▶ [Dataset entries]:
------------------------------------------------

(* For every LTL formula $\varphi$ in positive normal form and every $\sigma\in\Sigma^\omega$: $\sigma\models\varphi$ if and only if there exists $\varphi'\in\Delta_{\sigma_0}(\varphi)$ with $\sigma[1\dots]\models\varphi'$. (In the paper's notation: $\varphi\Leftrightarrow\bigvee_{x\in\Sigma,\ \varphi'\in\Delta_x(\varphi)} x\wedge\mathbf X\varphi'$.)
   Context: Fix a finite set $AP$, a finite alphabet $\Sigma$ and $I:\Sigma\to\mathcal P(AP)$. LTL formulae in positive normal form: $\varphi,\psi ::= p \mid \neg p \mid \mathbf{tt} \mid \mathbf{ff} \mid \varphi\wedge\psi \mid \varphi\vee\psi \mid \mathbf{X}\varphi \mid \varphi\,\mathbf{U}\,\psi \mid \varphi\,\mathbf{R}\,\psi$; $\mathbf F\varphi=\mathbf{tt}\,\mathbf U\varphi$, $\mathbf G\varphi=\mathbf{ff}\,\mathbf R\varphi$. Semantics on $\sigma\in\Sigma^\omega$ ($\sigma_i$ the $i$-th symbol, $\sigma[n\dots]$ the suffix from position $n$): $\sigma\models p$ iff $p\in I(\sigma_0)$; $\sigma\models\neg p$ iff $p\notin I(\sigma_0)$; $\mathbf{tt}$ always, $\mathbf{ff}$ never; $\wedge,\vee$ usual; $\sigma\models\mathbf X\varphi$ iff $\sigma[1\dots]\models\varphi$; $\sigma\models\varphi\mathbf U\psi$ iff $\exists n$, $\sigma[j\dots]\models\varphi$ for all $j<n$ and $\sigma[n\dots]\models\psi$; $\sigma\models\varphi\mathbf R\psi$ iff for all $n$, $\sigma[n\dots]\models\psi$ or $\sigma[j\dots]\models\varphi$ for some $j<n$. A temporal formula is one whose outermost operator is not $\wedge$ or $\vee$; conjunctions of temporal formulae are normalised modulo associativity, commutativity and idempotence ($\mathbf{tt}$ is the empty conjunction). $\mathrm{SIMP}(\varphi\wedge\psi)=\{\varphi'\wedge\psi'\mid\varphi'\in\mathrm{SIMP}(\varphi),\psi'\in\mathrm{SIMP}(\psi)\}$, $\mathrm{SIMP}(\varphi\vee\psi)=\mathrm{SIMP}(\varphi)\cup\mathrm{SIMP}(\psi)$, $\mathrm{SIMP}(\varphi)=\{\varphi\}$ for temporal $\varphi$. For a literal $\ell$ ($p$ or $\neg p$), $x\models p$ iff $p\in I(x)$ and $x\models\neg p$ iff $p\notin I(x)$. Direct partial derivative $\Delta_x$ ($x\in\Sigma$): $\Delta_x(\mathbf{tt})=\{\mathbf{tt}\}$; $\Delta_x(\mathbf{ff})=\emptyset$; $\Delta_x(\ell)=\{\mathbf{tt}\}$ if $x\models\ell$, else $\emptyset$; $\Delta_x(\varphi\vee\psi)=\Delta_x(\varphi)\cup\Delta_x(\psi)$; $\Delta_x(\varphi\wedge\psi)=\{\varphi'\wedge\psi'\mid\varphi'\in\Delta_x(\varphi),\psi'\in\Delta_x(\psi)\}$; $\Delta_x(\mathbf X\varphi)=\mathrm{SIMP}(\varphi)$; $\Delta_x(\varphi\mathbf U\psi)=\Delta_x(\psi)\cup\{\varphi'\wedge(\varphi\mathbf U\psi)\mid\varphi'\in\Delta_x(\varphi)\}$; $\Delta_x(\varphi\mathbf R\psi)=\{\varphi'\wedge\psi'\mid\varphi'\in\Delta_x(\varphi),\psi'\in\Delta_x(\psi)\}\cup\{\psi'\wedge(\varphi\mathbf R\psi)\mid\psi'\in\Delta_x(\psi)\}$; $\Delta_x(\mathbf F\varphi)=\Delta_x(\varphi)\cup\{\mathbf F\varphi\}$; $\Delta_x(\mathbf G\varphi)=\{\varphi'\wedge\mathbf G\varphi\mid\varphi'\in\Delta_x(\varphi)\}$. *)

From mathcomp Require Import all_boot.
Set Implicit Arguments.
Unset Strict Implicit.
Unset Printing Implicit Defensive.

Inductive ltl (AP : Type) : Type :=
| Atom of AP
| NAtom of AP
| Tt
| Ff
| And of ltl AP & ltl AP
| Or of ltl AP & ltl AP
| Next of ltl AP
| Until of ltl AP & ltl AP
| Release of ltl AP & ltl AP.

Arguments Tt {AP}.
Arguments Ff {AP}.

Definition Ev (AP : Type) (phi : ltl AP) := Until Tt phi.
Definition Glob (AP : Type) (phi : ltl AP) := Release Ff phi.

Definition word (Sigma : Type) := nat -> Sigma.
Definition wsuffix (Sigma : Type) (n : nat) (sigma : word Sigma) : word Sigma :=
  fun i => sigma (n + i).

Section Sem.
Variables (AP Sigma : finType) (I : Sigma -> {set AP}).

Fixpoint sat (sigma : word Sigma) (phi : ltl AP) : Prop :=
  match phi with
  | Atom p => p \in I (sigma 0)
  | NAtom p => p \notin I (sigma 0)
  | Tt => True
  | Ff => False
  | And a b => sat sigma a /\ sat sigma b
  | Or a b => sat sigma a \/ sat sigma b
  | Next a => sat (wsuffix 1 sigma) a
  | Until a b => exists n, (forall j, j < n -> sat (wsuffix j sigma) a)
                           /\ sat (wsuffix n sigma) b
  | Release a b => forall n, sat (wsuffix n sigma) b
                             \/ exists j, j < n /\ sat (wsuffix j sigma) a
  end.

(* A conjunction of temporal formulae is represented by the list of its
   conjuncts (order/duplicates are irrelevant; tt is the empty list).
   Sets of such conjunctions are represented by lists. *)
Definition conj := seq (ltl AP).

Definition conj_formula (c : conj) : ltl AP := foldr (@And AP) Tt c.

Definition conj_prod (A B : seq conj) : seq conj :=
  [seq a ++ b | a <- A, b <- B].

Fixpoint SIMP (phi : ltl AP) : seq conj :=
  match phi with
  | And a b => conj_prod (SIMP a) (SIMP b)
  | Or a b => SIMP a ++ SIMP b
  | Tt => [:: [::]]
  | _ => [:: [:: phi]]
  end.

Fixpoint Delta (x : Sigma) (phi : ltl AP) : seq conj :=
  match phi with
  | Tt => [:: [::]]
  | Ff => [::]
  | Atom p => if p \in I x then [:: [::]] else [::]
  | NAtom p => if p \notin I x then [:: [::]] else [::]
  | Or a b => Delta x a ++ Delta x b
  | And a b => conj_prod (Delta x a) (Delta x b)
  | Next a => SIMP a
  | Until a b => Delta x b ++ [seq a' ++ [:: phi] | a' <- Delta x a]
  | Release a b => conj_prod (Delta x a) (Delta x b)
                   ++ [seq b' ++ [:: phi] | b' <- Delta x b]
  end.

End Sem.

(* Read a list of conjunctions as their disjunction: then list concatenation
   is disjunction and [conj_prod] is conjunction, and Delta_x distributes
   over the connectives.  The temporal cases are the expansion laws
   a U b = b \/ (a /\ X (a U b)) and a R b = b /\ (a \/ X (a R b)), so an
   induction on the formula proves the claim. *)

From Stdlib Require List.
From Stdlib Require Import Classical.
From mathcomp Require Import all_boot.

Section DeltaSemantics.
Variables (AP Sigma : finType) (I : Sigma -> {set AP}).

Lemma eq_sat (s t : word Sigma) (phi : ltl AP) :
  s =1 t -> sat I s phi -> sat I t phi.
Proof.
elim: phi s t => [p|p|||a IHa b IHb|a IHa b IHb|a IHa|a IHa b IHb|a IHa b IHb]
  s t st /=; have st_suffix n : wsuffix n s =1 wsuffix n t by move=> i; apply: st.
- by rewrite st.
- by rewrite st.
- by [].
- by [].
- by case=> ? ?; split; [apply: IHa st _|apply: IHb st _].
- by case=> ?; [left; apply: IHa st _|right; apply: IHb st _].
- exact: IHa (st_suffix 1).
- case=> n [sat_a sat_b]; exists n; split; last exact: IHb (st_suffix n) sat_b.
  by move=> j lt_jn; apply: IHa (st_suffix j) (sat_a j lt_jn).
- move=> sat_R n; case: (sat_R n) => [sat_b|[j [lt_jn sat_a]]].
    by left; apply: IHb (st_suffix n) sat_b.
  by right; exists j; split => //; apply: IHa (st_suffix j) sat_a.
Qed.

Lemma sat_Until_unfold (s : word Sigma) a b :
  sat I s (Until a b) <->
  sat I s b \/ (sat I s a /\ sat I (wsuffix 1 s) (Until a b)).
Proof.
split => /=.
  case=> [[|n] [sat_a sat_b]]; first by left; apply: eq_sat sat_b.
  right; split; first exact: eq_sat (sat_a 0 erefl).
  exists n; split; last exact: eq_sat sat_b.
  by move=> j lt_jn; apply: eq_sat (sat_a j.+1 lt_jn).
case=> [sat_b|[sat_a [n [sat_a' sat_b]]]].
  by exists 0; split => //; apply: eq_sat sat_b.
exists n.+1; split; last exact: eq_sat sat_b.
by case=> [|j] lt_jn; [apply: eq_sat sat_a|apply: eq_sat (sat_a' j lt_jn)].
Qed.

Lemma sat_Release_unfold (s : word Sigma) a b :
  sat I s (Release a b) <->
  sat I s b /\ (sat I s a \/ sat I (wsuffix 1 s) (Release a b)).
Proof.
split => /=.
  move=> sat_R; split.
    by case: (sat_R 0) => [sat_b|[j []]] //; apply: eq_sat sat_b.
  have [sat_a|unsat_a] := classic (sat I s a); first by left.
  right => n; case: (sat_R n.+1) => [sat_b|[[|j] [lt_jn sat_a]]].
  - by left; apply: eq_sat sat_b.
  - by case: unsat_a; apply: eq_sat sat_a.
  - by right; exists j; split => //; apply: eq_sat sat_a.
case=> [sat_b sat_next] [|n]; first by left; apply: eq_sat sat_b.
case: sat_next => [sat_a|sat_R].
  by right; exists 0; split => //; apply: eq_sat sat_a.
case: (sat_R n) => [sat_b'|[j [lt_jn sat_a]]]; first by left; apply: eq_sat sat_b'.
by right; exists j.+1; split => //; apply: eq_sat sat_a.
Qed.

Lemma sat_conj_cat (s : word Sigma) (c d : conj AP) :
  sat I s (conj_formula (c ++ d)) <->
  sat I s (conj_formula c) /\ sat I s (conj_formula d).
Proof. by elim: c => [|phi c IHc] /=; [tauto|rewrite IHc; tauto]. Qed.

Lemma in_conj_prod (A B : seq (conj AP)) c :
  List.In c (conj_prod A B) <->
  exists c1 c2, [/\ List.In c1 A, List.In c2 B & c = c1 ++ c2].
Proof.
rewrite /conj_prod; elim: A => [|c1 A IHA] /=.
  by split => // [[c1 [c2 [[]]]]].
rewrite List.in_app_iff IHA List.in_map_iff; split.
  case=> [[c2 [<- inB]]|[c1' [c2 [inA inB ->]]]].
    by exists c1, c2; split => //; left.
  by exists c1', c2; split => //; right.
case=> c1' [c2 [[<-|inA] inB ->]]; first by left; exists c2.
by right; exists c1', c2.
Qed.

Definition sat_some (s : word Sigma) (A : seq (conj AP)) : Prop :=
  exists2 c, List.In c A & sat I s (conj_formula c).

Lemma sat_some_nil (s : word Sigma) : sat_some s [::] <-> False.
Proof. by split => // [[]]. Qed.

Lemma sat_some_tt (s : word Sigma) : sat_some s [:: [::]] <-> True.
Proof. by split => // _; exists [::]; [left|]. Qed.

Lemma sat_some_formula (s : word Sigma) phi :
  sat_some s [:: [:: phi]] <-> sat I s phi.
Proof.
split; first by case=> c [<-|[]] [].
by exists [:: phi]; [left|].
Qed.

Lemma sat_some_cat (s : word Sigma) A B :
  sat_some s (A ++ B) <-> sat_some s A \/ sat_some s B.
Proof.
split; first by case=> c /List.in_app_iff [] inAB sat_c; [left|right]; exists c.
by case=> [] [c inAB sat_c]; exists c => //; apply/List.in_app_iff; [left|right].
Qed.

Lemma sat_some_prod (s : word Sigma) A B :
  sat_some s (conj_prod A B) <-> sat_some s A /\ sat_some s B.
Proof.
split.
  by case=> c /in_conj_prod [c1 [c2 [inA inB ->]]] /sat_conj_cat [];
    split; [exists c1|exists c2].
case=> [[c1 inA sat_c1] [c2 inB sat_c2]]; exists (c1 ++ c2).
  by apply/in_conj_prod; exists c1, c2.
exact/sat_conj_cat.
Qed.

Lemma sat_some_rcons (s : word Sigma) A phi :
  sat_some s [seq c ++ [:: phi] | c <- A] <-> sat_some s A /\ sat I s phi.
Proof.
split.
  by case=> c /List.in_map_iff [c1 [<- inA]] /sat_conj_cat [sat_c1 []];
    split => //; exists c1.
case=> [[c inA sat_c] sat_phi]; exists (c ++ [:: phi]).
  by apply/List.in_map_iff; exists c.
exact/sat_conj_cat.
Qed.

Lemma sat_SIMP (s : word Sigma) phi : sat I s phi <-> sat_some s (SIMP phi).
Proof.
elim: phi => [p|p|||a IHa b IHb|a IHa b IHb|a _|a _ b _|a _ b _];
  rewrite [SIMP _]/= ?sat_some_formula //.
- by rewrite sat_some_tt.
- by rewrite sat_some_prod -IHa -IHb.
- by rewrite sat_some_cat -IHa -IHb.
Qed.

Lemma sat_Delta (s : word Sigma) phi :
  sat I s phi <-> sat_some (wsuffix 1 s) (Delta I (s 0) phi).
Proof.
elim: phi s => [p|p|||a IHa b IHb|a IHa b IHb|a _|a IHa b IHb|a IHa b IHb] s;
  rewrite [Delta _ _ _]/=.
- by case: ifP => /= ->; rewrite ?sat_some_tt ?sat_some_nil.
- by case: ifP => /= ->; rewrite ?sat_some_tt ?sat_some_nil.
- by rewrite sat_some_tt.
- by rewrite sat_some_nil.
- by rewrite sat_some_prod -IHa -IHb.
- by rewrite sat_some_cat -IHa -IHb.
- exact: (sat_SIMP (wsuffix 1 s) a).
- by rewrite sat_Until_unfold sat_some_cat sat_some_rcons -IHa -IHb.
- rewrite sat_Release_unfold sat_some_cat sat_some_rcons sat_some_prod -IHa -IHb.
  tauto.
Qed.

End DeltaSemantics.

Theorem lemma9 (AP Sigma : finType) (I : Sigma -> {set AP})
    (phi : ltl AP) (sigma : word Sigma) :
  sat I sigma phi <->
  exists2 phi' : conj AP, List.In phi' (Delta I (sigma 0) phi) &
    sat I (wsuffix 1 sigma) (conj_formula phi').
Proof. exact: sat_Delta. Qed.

------------------------------------------------

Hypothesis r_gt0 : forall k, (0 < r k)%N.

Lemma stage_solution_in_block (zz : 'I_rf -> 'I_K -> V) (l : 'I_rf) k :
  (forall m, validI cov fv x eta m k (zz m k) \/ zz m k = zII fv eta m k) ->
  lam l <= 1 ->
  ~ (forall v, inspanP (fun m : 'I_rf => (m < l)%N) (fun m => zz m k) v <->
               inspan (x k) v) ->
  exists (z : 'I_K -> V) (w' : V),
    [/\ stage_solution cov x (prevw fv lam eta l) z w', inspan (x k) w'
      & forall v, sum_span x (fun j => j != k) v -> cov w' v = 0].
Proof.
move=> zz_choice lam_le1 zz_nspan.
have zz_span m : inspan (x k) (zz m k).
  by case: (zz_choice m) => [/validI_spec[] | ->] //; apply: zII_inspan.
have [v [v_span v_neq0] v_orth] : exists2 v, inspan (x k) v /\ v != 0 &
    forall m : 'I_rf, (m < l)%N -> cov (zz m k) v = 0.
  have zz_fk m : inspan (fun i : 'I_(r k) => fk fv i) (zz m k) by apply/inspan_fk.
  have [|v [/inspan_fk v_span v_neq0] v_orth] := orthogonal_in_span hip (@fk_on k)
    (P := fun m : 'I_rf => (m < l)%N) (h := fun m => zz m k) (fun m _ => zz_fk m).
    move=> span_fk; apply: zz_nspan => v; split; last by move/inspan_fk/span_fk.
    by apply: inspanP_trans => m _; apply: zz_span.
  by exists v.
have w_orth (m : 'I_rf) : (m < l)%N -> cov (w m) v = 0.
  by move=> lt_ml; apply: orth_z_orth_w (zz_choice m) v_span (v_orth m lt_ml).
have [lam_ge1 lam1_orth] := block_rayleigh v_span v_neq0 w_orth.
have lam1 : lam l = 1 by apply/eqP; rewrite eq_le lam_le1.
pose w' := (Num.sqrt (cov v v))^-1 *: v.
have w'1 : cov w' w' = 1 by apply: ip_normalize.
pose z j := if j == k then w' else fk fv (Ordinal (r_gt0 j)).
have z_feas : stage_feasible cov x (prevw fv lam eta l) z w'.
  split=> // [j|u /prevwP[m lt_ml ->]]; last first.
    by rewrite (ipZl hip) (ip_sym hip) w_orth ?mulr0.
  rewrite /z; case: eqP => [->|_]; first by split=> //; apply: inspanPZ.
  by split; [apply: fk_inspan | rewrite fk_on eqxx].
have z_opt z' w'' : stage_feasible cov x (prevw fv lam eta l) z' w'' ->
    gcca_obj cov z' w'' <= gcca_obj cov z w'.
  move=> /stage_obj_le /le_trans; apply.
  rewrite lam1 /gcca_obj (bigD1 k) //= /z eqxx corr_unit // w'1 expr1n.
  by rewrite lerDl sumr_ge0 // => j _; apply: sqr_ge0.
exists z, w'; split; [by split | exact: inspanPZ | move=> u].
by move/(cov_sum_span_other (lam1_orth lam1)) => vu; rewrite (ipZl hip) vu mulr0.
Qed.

------------------------------------------------

▶ [Directions for this task]:
Go through the records above and, whenever a line includes the word "Stdlib", copy it.

▶ [Answer space]:
From Stdlib Require List.
From Stdlib Require Import Classical.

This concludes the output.